The armistice, brokered by California Democratic Party Chairman Eric Bauman and the Democratic Congressional Campaign Committee, altered the course of one of the stranger primaries of 2018, replete with party meddling and nasty attacks but few policy differences. Looming above it all is the possibility that two Republicans will advance to the general election to replace Republican Rep. Ed Royce in a district Hillary Clinton carried in 2016.

The Orange County-based seat tops the nationwide list of Democratic targets, but it became the site of an early, multimillion-dollar rescue operation when it became clear the wide field of Democrats could split their vote enough to land a pair of Republicans atop the all-party primary on Tuesday. And Democrats also worry that the previous weeks of intraparty attacks  allegations ranging from party disloyalty to tax evasion to a threatening voicemail later decried as a fake  will send a potential nominee limping into the general election.
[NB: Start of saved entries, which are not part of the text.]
(* Let $r\ge 2$ and $t\ge 2$ be integers, and let $n=a(r+t-1)+b$ with integers $a\ge 0$ and $0\le b\le r+t-2$. Suppose there exists a minimal $(r-1)$-$(r+t-1,r,1)$ covering of size $c$. Then $$a\left(\binom{r+t-1}{r}-c\right)+\binom{b}{r}\le ex_r\left(n,Tr(K_{1,t})\right).$$
   Context: For a graph $F$ with vertex set $\{v_1,\dots,v_p\}$ and edge set $\{e_1,\dots,e_q\}$, a hypergraph $\mathcal{H}$ contains $F$ as a trace if there exist distinct vertices $w_1,\dots,w_p\in V(\mathcal{H})$ and distinct edges $f_1,\dots,f_q\in E(\mathcal{H})$ such that whenever $e_i=v_\alpha v_\beta$, we have $f_i\cap\{w_1,\dots,w_p\}=\{w_\alpha,w_\beta\}$. For $r\ge 2$, $ex_r(n,Tr(F))$ denotes the maximum number of edges of an $n$-vertex $r$-uniform hypergraph that does not contain $F$ as a trace. $K_{1,t}$ is the star with $t$ edges. For $v\ge k\ge s$, an $s$-$(v,k,\lambda)$ covering is a collection $\mathcal{C}$ of $k$-subsets (blocks) of a $v$-element set $X$ such that every $s$-subset of $X$ is contained in at least $\lambda$ blocks of $\mathcal{C}$; its size is $|\mathcal{C}|$. A minimal covering is one of minimum possible size. *)

From mathcomp Require Import all_boot.
Set Implicit Arguments. Unset Strict Implicit. Unset Printing Implicit Defensive.

Definition uniform (n r : nat) (H : {set {set 'I_n}}) : bool :=
  [forall e in H, #|e| == r].

(* A graph F with vertex set 'I_p and edges E i = (v_alpha, v_beta), i : 'I_q. *)
Definition contains_trace (n p q : nat) (E : 'I_q -> 'I_p * 'I_p)
    (H : {set {set 'I_n}}) : bool :=
  [exists w : {ffun 'I_p -> 'I_n}, injectiveb w &&
    [exists f : {ffun 'I_q -> {set 'I_n}}, injectiveb f &&
      [forall i : 'I_q, (f i \in H) &&
         (f i :&: [set w j | j : 'I_p] == [set w (E i).1; w (E i).2])]]].

(* The star K_{1,t}: vertex 0 is the centre, vertices 1..t are the leaves. *)
Definition star_edges (t : nat) (i : 'I_t) : 'I_t.+1 * 'I_t.+1 :=
  (ord0, lift ord0 i).

Definition ex_trace (n r p q : nat) (E : 'I_q -> 'I_p * 'I_p) : nat :=
  \max_(H : {set {set 'I_n}} | uniform r H && ~~ contains_trace E H) #|H|.

Definition is_covering (s v k lam : nat) (C : {set {set 'I_v}}) : bool :=
  [forall B in C, #|B| == k] &&
  [forall S : {set 'I_v}, (#|S| == s) ==> (lam <= #|[set B in C | S \subset B]|)].

Arguments is_covering : clear implicits.

Definition minimal_covering_size (s v k lam c : nat) : Prop :=
  exists C : {set {set 'I_v}},
    is_covering s v k lam C /\ #|C| = c /\
    (forall C' : {set {set 'I_v}}, is_covering s v k lam C' -> c <= #|C'|).
Arguments ex_trace : clear implicits.

From mathcomp Require Import all_boot zify.

Set Implicit Arguments. Unset Strict Implicit. Unset Printing Implicit Defensive.

(* Split the a (r + t - 1) + b vertices into a large blocks of size r + t - 1
   and one small block of size b, and take as edges the r-subsets of a block
   that, in a large block, are not blocks of the covering C.  All edges of a
   trace of K_{1,t} contain its centre w0, so the trace lives in one block.  An
   edge e of it meets its vertex set W in two points, so |e :|: W| = r + t - 1
   exceeds the size of the small block.  In a large block, the (r-1)-set made of
   w0 and the vertices outside W is covered by some B in C, which adds a single
   leaf x to it; the edge through w0 and x lies inside B, hence equals B. *)

Section StarTrace.

Variable t : nat.

(* Centre and vertex set of a trace of K_{1,t}; the t edges are automatically
   distinct since their traces on W differ. *)
Definition star_trace (T : finType) (H : {set {set T}}) (w0 : T) (W : {set T}) :=
  [/\ w0 \in W, #|W| = t.+1 &
      forall x, x \in W -> x != w0 -> exists2 e, e \in H & e :&: W = [set w0; x]].

Definition star_free (T : finType) (H : {set {set T}}) :=
  forall w0 W, ~ star_trace H w0 W.

Lemma contains_trace_star n (H : {set {set 'I_n}}) :
  contains_trace (@star_edges t) H -> exists w0 W, star_trace H w0 W.
Proof.
case/existsP=> w /andP[/injectiveP w_inj /existsP[f /andP[_ /forallP Hf]]].
exists (w ord0), [set w j | j : 'I_t.+1]; split.
- exact: imset_f.
- by rewrite card_imset // card_ord.
move=> _ /imsetP[j _ ->]; case: (unliftP ord0 j) => [i -> _|->]; last by rewrite eqxx.
by have /andP[fiH /eqP fiW] := Hf i; exists (f i).
Qed.

Lemma star_trace_sub (T : finType) (H H' : {set {set T}}) (w0 : T) (W : {set T}) :
  {in H, forall e : {set T}, w0 \in e -> e \in H'} ->
  star_trace H w0 W -> star_trace H' w0 W.
Proof.
move=> sHH' [w0W cW HW]; split=> // x xW xw0.
have [e eH eW] := HW x xW xw0; exists e => //; apply: sHH' => //.
by have /subsetP := subsetIl e W; apply; rewrite eW set21.
Qed.

Lemma star_trace_leaf (T : finType) (H : {set {set T}}) (w0 : T) (W : {set T}) :
  0 < t -> star_trace H w0 W -> exists2 x, x \in W & x != w0.
Proof.
move=> t_gt0 [w0W cW _]; have : 0 < #|W :\ w0|.
  by move: cW; rewrite (cardsD1 w0) w0W; lia.
by case/card_gt0P=> x; rewrite !inE => /andP[xw0 xW]; exists x.
Qed.

Lemma star_free_imset (T T' : finType) (g : T -> T') (H : {set {set T}}) :
  0 < t -> injective g -> star_free H -> star_free [set g @: e | e : {set T} in H].
Proof.
move=> t_gt0 g_inj H_free w0' W' trW'; have [w0'W' cW' HW'] := trW'.
have leaf_img x : x \in W' -> x != w0' -> [set w0'; x] \subset g @: [set: T].
  move=> xW' xw0'; have [_ /imsetP[e _ ->] eW'] := HW' x xW' xw0'.
  by rewrite -eW' (subset_trans (subsetIl _ _)) // imsetS // subsetT.
have W'_img : W' \subset g @: [set: T].
  have [x1 x1W' x1w0'] := star_trace_leaf t_gt0 trW'.
  apply/subsetP=> x xW'; have [-> | xw0'] := eqVneq x w0'.
    by apply: (subsetP (leaf_img x1 x1W' x1w0')); rewrite set21.
  by apply: (subsetP (leaf_img x xW' xw0')); rewrite set22.
have [w0 _ w0E] := imsetP (subsetP W'_img w0' w0'W').
have W'E : W' = g @: (g @^-1: W').
  apply/setP=> x; apply/idP/imsetP => [xW' | [y + ->]]; last by rewrite inE.
  by have [y _ eq_xy] := imsetP (subsetP W'_img x xW'); exists y; rewrite ?inE -eq_xy.
apply: (H_free w0 (g @^-1: W')); split.
- by rewrite inE -w0E.
- by rewrite -cW' [in RHS]W'E card_imset.
move=> x; rewrite inE => gxW' xw0.
have gxw0' : g x != w0' by rewrite w0E (inj_eq g_inj).
have [_ /imsetP[e eH ->] eW'] := HW' _ gxW' gxw0'; exists e => //.
apply: (imset_inj g_inj); rewrite imsetI; last by move=> ? ? _ _ /g_inj.
by rewrite -W'E eW' w0E imsetU1 imset_set1.
Qed.

Lemma star_free_small (T : finType) r (H : {set {set T}}) :
  0 < t -> #|T| < r + t - 1 -> {in H, forall e : {set T}, #|e| = r} -> star_free H.
Proof.
move=> t_gt0 T_small H_r w0 W trW; have [_ cW HW] := trW.
have [x xW xw0] := star_trace_leaf t_gt0 trW.
have [e /H_r e_r eW] := HW x xW xw0.
have := max_card (e :|: W); rewrite cardsU eW cards2 eq_sym xw0 e_r cW; lia.
Qed.

Lemma star_free_noncovering r (C : {set {set 'I_(r + t - 1)}}) :
  is_covering (r - 1) (r + t - 1) r 1 C ->
  star_free ([set S : {set 'I_(r + t - 1)} | #|S| == r] :\: C).
Proof.
move=> /andP[/forallP C_card /forallP C_cov] w0 W [w0W cW HW].
set S0 := w0 |: ~: W.
have [cS0 S0_lt_r] : #|S0| = r - 1 /\ #|S0| < r.
  have := cardsC W; rewrite cardsU1 !inE w0W card_ord cW; lia.
have [B BC S0B] : exists2 B, B \in C & S0 \subset B.
  have := C_cov S0; rewrite cS0 eqxx /= card_gt0 => /set0Pn[B].
  by rewrite inE => /andP[BC S0B]; exists B.
have cB : #|B| = r by apply/eqP; have := C_card B; rewrite BC.
have [_ [x xB]] : S0 \subset B /\ exists2 x, x \in B & x \notin S0.
  by apply/properP; rewrite properEcard S0B cB.
rewrite !inE negb_or negbK => /andP[xw0 xW].
have [S] := HW x xW xw0; rewrite !inE => /andP[SC /eqP cS] SW.
suff SB : S \subset B.
  have SeB : S = B by apply/eqP; rewrite eqEcard SB cS cB leqnn.
  by rewrite SeB BC in SC.
apply/subsetP=> y yS; have [yW | yW] := boolP (y \in W); last first.
  by apply: (subsetP S0B); rewrite !inE yW orbT.
have : y \in S :&: W by rewrite inE yS.
rewrite SW !inE => /orP[] /eqP-> //.
by apply: (subsetP S0B); rewrite !inE eqxx.
Qed.

End StarTrace.

Section DisjointUnion.

Variables T1 T2 : finType.

Definition hsum (H1 : {set {set T1}}) (H2 : {set {set T2}}) : {set {set T1 + T2}} :=
  [set inl @: e | e : {set T1} in H1] :|: [set inr @: e | e : {set T2} in H2].

Definition hcopies (H : {set {set T2}}) : {set {set T1 * T2}} :=
  [set pair i @: e | i : T1 in [set: T1], e : {set T2} in H].

Lemma card_hsum (H1 : {set {set T1}}) (H2 : {set {set T2}}) :
  set0 \notin H2 -> #|hsum H1 H2| = #|H1| + #|H2|.
Proof.
move=> H2_0; rewrite cardsU !card_imset; last 2 first.
- exact/imset_inj/inr_inj.
- exact/imset_inj/inl_inj.
suff -> : [set inl @: e | e : {set T1} in H1] :&: [set inr @: e | e : {set T2} in H2]
    = set0 by rewrite cards0 subn0.
apply/setP=> E; rewrite !inE; apply/negbTE/andP=> -[/imsetP[e1 _ ->] /imsetP[e2 e2H2]].
have [x xe2] : exists x, x \in e2 by apply/set0Pn; apply: contraNneq H2_0 => <-.
by move/setP/(_ (inr x)); rewrite imset_f // => /imsetP[].
Qed.

Lemma card_hcopies (H : {set {set T2}}) :
  set0 \notin H -> #|hcopies H| = #|T1| * #|H|.
Proof.
move=> H0; rewrite /hcopies curry_imset2X card_in_imset ?cardsX ?cardsT //.
move=> [i e] [j e'] /=; rewrite !inE => /andP[_ eH] _ ee'.
have [x xe] : exists x, x \in e by apply/set0Pn; apply: contraNneq H0 => <-.
have : (i, x) \in pair j @: e' by rewrite -ee' imset_f.
case/imsetP=> _ _ [ij _]; subst j; congr pair.
by apply: imset_inj ee' => ? ? [].
Qed.

Lemma hsum_edge_card r (H1 : {set {set T1}}) (H2 : {set {set T2}}) :
  {in H1, forall e : {set T1}, #|e| = r} -> {in H2, forall e : {set T2}, #|e| = r} ->
  {in hsum H1 H2, forall e : {set T1 + T2}, #|e| = r}.
Proof.
by move=> H1_r H2_r _ /setUP[] /imsetP[e eH ->];
  rewrite card_imset ?(H1_r, H2_r) //; [exact: inl_inj | exact: inr_inj].
Qed.

Lemma hcopies_edge_card r (H : {set {set T2}}) :
  {in H, forall e : {set T2}, #|e| = r} ->
  {in hcopies H, forall e : {set T1 * T2}, #|e| = r}.
Proof. by move=> H_r _ /imset2P[i e _ eH ->]; rewrite card_imset ?H_r // => ? ? []. Qed.

Lemma star_free_hsum t (H1 : {set {set T1}}) (H2 : {set {set T2}}) :
  0 < t -> star_free t H1 -> star_free t H2 -> star_free t (hsum H1 H2).
Proof.
move=> t_gt0 H1_free H2_free [y|y] W /star_trace_sub trW.
- apply: (star_free_imset t_gt0 (@inl_inj T1 T2) H1_free (trW _ _)).
  move=> E /setUP[] /imsetP[e eH ->]; first by move=> _; rewrite imset_f.
  by case/imsetP.
- apply: (star_free_imset t_gt0 (@inr_inj T1 T2) H2_free (trW _ _)).
  move=> E /setUP[] /imsetP[e eH ->]; last by move=> _; rewrite imset_f.
  by case/imsetP.
Qed.

Lemma star_free_hcopies t (H : {set {set T2}}) :
  0 < t -> star_free t H -> star_free t (hcopies H).
Proof.
move=> t_gt0 H_free [i y] W /star_trace_sub trW.
have pair_inj : injective (@pair T1 T2 i) by move=> ? ? [].
apply: (star_free_imset t_gt0 pair_inj H_free (trW _ _)).
move=> E /imset2P[j e _ eH ->] /imsetP[_ _ [<- _]].
by rewrite imset_f.
Qed.

End DisjointUnion.

Lemma card_noncovering s v k lam (C : {set {set 'I_v}}) :
  is_covering s v k lam C ->
  #|[set S : {set 'I_v} | #|S| == k] :\: C| = 'C(v, k) - #|C|.
Proof.
case/andP=> /forallP C_k _; rewrite cardsD card_draws card_ord (setIidPr _) //.
by apply/subsetP=> B BC; rewrite inE; have := C_k B; rewrite BC.
Qed.

Lemma ex_trace_star_free (V : finType) n r t (H : {set {set V}}) :
  0 < t -> #|V| <= n -> {in H, forall e : {set V}, #|e| = r} -> star_free t H ->
  #|H| <= ex_trace n r t.+1 t (@star_edges t).
Proof.
move=> t_gt0 Vn H_r H_free.
pose g v : 'I_n := widen_ord Vn (enum_rank v).
have g_inj : injective g by move=> u v /(congr1 val) /= /val_inj; apply: enum_rank_inj.
rewrite -(card_imset (mem H) (imset_inj g_inj)); apply: leq_bigmax_cond.
apply/andP; split.
  by apply/forallP=> E; apply/implyP=> /imsetP[e eH ->]; rewrite card_imset ?H_r.
apply/negP=> /contains_trace_star[w0 [W]]; exact: star_free_imset.
Qed.

Theorem mainTheorem1 (r t a b c : nat) :
  2 <= r -> 2 <= t -> b <= r + t - 2 ->
  minimal_covering_size (r - 1) (r + t - 1) r 1 c ->
  a * ('C(r + t - 1, r) - c) + 'C(b, r)
    <= ex_trace (a * (r + t - 1) + b) r t.+1 t (@star_edges t).
Proof.
move=> r_ge2 t_ge2 b_le [C [C_cov [<- _]]].
have t_gt0 : 0 < t by apply: ltnW.
pose Dm := [set S : {set 'I_(r + t - 1)} | #|S| == r] :\: C.
pose Db := [set S : {set 'I_b} | #|S| == r].
have Dm_r : {in Dm, forall S : {set 'I_(r + t - 1)}, #|S| = r}.
  by move=> S; rewrite !inE => /andP[_ /eqP].
have Db_r : {in Db, forall S : {set 'I_b}, #|S| = r} by move=> S; rewrite inE => /eqP.
have no_set0 (T : finType) (D : {set {set T}}) :
    {in D, forall S : {set T}, #|S| = r} -> set0 \notin D.
  by move=> D_r; apply/negP=> /D_r; rewrite cards0; lia.
have <- : #|hsum (hcopies 'I_a Dm) Db| = a * ('C(r + t - 1, r) - #|C|) + 'C(b, r).
  rewrite card_hsum ?card_hcopies ?no_set0 // (card_noncovering C_cov).
  by rewrite card_draws !card_ord.
apply: ex_trace_star_free => //.
- by rewrite card_sum card_prod !card_ord.
- exact/hsum_edge_card/Db_r/hcopies_edge_card.
apply: star_free_hsum => //.
  exact/star_free_hcopies/star_free_noncovering.
by apply: (star_free_small (r := r)); rewrite ?card_ord //; lia.
Qed.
“This is the weirdest race in the country that’s attracted Democrats of all stripes and an unprecedented amount of money,” said candidate Sam Jammal, a former Obama administration official and one of the four Democrats running. “But all the negativity doesn’t help us because we’re still just beginning to build the Democratic brand here.”

The race is also the most expensive in the state so far, drawing about $10 million in spending. The DCCC has dropped $2 million alone, attacking Republican candidates and boosting Cisneros, a lottery winner who picked up the DCCC’s endorsement in April. Cisneros and Thorburn dumped more than $6 million of their own money into the race — among the highest self-funding efforts in 2018. On the Republican side, Assemblywoman Young Kim has separated herself from the pack in fundraising and some internal polling, followed by Orange County Supervisor Shawn Nelson and former state Sen. Bob Huff.